→ **Your objective**
Produce as output only the lines below starting at the line with "- unfold sum_from_to." and continuing through the line with "Lemma sum_half_pow s", each one exactly as written.

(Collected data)
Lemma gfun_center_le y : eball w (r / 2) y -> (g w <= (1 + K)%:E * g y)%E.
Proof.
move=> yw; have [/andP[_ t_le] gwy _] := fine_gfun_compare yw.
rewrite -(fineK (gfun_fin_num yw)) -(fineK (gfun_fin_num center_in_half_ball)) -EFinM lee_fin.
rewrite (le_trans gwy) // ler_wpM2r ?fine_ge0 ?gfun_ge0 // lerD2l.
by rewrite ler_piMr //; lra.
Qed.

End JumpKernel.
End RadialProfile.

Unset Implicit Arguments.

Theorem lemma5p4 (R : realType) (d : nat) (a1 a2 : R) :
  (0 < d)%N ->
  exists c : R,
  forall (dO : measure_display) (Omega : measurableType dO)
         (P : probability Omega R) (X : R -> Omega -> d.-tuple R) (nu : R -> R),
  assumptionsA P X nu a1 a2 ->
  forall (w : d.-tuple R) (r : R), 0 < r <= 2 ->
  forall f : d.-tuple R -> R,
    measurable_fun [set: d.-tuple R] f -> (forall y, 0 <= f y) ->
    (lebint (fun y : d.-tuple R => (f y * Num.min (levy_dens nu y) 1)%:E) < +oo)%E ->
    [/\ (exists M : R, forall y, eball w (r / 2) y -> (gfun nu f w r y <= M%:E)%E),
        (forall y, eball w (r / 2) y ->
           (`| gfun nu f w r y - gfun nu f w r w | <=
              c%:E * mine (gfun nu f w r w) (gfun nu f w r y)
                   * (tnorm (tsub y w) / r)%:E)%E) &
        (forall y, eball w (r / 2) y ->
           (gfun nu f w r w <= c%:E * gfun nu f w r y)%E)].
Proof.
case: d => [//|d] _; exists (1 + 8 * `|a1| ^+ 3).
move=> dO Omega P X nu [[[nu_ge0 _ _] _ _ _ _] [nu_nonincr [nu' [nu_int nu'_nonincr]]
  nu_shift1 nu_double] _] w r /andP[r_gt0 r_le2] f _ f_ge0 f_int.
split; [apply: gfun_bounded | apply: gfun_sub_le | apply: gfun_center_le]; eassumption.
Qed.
==
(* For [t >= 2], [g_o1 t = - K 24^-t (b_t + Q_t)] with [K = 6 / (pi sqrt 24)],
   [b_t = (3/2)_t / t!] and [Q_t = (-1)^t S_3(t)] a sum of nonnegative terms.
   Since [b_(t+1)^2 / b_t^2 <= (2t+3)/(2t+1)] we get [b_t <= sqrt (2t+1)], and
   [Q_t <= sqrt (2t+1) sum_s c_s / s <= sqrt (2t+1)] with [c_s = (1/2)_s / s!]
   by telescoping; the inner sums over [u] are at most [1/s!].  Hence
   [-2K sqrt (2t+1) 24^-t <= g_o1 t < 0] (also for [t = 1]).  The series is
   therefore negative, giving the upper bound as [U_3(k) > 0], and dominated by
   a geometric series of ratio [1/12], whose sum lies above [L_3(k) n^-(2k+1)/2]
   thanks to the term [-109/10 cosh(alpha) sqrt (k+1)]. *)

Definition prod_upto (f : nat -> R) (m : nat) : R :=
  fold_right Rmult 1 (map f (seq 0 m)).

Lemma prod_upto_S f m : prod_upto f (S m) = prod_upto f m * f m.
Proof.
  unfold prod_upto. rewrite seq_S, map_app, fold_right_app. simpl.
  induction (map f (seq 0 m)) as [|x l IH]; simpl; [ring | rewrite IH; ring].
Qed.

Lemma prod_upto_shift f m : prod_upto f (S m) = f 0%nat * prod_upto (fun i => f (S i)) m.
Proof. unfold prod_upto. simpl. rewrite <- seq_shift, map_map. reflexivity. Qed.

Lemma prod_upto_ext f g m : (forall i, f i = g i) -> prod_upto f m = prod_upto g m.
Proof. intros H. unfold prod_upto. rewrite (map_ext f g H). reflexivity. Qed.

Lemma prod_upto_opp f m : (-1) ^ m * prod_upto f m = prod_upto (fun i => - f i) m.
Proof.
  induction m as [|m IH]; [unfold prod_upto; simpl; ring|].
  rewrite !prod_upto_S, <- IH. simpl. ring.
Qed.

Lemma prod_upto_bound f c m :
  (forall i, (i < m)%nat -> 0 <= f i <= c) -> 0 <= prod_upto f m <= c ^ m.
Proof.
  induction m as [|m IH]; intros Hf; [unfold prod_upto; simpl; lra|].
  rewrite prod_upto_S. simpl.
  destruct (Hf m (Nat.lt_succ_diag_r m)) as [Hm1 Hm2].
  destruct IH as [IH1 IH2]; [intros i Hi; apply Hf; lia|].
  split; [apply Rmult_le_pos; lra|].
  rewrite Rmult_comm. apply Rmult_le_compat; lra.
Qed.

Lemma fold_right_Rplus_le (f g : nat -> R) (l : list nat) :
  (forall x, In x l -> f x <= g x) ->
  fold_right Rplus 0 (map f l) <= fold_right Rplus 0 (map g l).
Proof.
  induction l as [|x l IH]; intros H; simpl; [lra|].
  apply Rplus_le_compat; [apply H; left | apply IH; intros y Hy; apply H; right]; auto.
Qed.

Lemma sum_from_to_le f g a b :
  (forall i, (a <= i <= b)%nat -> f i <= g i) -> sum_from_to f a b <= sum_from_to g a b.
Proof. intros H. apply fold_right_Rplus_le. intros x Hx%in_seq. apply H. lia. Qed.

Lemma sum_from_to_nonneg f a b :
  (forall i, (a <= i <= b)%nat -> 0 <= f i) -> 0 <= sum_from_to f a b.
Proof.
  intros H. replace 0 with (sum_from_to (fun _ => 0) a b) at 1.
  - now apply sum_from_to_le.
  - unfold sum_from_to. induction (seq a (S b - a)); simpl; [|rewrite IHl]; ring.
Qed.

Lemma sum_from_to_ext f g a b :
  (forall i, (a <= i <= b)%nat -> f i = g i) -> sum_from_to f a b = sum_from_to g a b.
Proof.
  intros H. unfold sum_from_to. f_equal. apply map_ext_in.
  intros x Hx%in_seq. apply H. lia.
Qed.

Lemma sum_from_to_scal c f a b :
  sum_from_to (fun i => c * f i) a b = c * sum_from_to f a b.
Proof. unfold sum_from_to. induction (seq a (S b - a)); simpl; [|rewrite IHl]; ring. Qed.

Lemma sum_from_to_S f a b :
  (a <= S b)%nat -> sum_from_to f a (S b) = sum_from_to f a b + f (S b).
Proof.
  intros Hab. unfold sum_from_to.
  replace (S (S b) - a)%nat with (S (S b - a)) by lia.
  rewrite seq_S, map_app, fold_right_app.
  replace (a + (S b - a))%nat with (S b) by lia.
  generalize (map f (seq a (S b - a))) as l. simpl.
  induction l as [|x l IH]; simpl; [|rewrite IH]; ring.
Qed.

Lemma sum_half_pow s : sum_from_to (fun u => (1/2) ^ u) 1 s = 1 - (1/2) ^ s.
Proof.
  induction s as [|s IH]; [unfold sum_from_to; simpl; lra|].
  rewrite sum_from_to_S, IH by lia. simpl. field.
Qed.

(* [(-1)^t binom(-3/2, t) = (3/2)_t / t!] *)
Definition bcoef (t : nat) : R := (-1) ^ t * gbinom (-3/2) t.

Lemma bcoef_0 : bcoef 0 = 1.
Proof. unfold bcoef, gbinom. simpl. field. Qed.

→ **Solution to this exercise**
  - unfold sum_from_to. induction (seq a (S b - a)); simpl; [|rewrite IHl]; ring.
Qed.

Lemma sum_from_to_ext f g a b :
  (forall i, (a <= i <= b)%nat -> f i = g i) -> sum_from_to f a b = sum_from_to g a b.
Proof.
  intros H. unfold sum_from_to. f_equal. apply map_ext_in.
  intros x Hx%in_seq. apply H. lia.
Qed.

Lemma sum_from_to_scal c f a b :
  sum_from_to (fun i => c * f i) a b = c * sum_from_to f a b.
Proof. unfold sum_from_to. induction (seq a (S b - a)); simpl; [|rewrite IHl]; ring. Qed.

Lemma sum_from_to_S f a b :
  (a <= S b)%nat -> sum_from_to f a (S b) = sum_from_to f a b + f (S b).
Proof.
  intros Hab. unfold sum_from_to.
  replace (S (S b) - a)%nat with (S (S b - a)) by lia.
  rewrite seq_S, map_app, fold_right_app.
  replace (a + (S b - a))%nat with (S b) by lia.
  generalize (map f (seq a (S b - a))) as l. simpl.
  induction l as [|x l IH]; simpl; [|rewrite IH]; ring.
Qed.

Lemma sum_half_pow s : sum_from_to (fun u => (1/2) ^ u) 1 s = 1 - (1/2) ^ s.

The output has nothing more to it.